１００音声分析部（音声分析手段）１０５マイク（音声入力手段）２００音声認識部（音声認識手段）４０２スペクトルエディット処理部（スペクトルエデ
ィット手段）４０３騒音レベル測定部（騒音検出手段）４０４減算部（減算手段）５００補正量設定部（補正量設定手段）５０１ゼロ判定部（ゼロ区間検出手段）５０２補正スイッチ部（制御手段）５０３補正量加算部（合成手段）100 voice analysis unit (voice analysis unit) 105 microphone (voice input unit) 200 voice recognition unit (voice recognition unit) 402 spectrum edit processing unit (spectrum edit unit) 403 noise level measurement unit (noise detection unit) 404 subtraction unit (subtraction) Means) 500 correction amount setting unit (correction amount setting unit) 501 zero determination unit (zero section detection unit) 502 correction switch unit (control unit) 503 correction amount addition unit (combining unit)

Claims

[Claims]

1. A voice analysis unit for converting a voice captured by a voice input unit into first voice analysis data, a noise detection unit for detecting a noise component from the voice analysis data to obtain a noise component signal, and the voice. And a subtraction unit for obtaining second voice analysis data obtained by subtracting the noise component from the analysis data, and a voice recognition unit for recognizing the voice and obtaining a voice recognition result based on the second voice analysis data. In the voice recognition device, a voice section detecting means for detecting a voice section of the second voice analysis data to obtain a detection signal, and a predetermined amount of the noise component signal is given to the second voice analysis data to obtain the second voice analysis data. A voice recognition device, comprising: a correction processing unit that performs correction processing of voice analysis data.

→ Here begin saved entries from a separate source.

(* Let $\vec E$ be as in the context, fix $b\in\Lambda^*$, and for $J_\Lambda,J'_\Lambda\in\mathbb{R}^{\Lambda^*}$ consider the curve $J_\Lambda(s)=e^{-s}J_\Lambda+\sqrt{1-e^{-2s}}J'_\Lambda$, $s\ge0$. For almost all $(J_\Lambda,J'_\Lambda)$ with respect to the product of standard Gaussian measures, the following implication holds for every $t\ge0$: if $F_b(s)>0$ for all $0\le s\le t$, then $\sigma_b(s)=\sigma_b(0)$ for all $0\le s\le t$.
   Context: $\Lambda\subset\mathbb{Z}^d$ is a finite box, $\Lambda^*$ its set of nearest-neighbour edges. For spins $\eta$ and $e=\{x,y\}$, $\eta_e=\eta_x\eta_y$; $\mathcal S_\Lambda\subset\{-1,1\}^{\Lambda^*}$ is the set of edge configurations induced by spin configurations on $\Lambda$. $H_{\Lambda,J}(\eta)=-\sum_{e\in\Lambda^*}J_e\eta_e$. $\vec E=(E(\eta,\eta'))_{\eta,\eta'\in\mathcal S_\Lambda}$ is a family of reals with $E(\eta,\eta)=0$ and $E(\eta,\eta'')=E(\eta,\eta')+E(\eta',\eta'')$. Critical set $\mathcal C=\bigcup_{\eta\ne\eta'}\{J_\Lambda:\sum_eJ_e(\eta_e-\eta'_e)=E(\eta,\eta')\}$. For $J_\Lambda\notin\mathcal C$, $\eta\prec\eta'$ iff $E(\eta,\eta')+H_{\Lambda,J}(\eta)-H_{\Lambda,J}(\eta')<0$ (a strict total order); $\sigma(J_\Lambda)$ is the $\prec$-minimal element and $\sigma^{\pm,b}(J_\Lambda)$ the $\prec$-minimal element among $\eta$ with $\eta_b=\pm1$. The flexibility $F_b(J_\Lambda)=\big|-\sum_{e}J_e(\sigma^{+,b}_e(J_\Lambda)-\sigma^{-,b}_e(J_\Lambda))+E(\sigma^{+,b}(J_\Lambda),\sigma^{-,b}(J_\Lambda))\big|$ on $\mathbb{R}^{\Lambda^*}\setminus\mathcal C$ extends uniquely to a continuous function on $\mathbb{R}^{\Lambda^*}$, still denoted $F_b$. Write $F_b(s)=F_b(J_\Lambda(s))$ and $\sigma(s)=\sigma(J_\Lambda(s))$ (defined when $J_\Lambda(s)\notin\mathcal C$). *)

From HB Require Import structures.
From mathcomp Require Import all_boot all_order all_algebra.
From mathcomp Require Import all_classical all_reals all_analysis.
Set Implicit Arguments. Unset Strict Implicit. Unset Printing Implicit Defensive.
Import Order.TTheory GRing.Theory Num.Theory.
Local Open Scope ring_scope.

Section Model.
Variables (d : nat) (n : 'I_d -> nat).

(* The finite box Lambda = prod_i {0, ..., n i - 1} in Z^d (up to translation). *)
Definition vertex := {dffun forall i : 'I_d, 'I_(n i)}.

Definition adjacent (x y : vertex) : bool :=
  (\sum_(i < d) (maxn (x i) (y i) - minn (x i) (y i)) == 1)%N.

Definition is_edge (e : {set vertex}) : bool :=
  [exists x, exists y, adjacent x y && (e == [set x; y])].

Definition edge := {e : {set vertex} | is_edge e}.

(* spins: true <-> +1, false <-> -1 *)
Definition sgnb (b : bool) {R : numDomainType} : R := if b then 1 else -1.

(* eta_e = eta_x eta_y : +1 iff the number of -1 spins on e is even *)
Definition edgecfg (eta : {ffun vertex -> bool}) : {ffun edge -> bool} :=
  [ffun e : edge => ~~ odd #|[set x in val e | ~~ eta x]|].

2. The voice recognition device according to claim 1, wherein
Further, the second voice analysis data has a spectrum edit means for performing spectrum edit processing to obtain a spectrum edit signal, and the voice section analysis means detects a zero section or a non-zero section of the spectrum edit signal to obtain a detection signal. Correction section setting means for obtaining a predetermined amount of the noise component signal from the noise component signal, and synthesizing means for synthesizing the spectrum edit signal and the noise component signal of the predetermined amount. And a control unit that controls the synthesis process based on a detection signal from the zero section detection unit.

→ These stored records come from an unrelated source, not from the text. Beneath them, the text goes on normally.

Theorem mainTheorem9 (G : zmodType) (le : rel G) (D : idomainType)
  (comp : G -> D -> D) :
  tot_ord_group le ->
  graded_by le comp ->
  deg0_field comp ->
  K_alg_closed_in_frac comp ->
  forall (f g : D) (delta : G),
    has_deg le comp f delta -> has_deg le comp g delta ->
    in_int_closure_RD (FracField.tofrac f / FracField.tofrac g) ->
    exists u : D, inK comp u /\ comp delta f = u * comp delta g.
Proof.
move=> hG hD hK hA f g delta [_ [nzf hf]] [_ [nzg hg]] hfg.
have hlr := leading_ratio_tofrac nzg hg hf.
have [u inKu ehu] := leading_ratio_int_closure hG hD hK hA hfg hlr.
exists u; split => //; apply: tofrac_inj.
by rewrite rmorphM /= -ehu divfK // tofrac_eq0.
Qed.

3. The voice recognition apparatus according to claim 1, wherein the correction processing means includes a correction amount setting means for obtaining a predetermined amount of the noise component signal from the noise component signal, the second voice analysis data and the predetermined amount. A voice recognition device comprising: a synthesizing unit that performs a synthesizing process with a noise component signal; and a control unit that controls the synthesizing process based on a detection signal from a voice section detecting unit.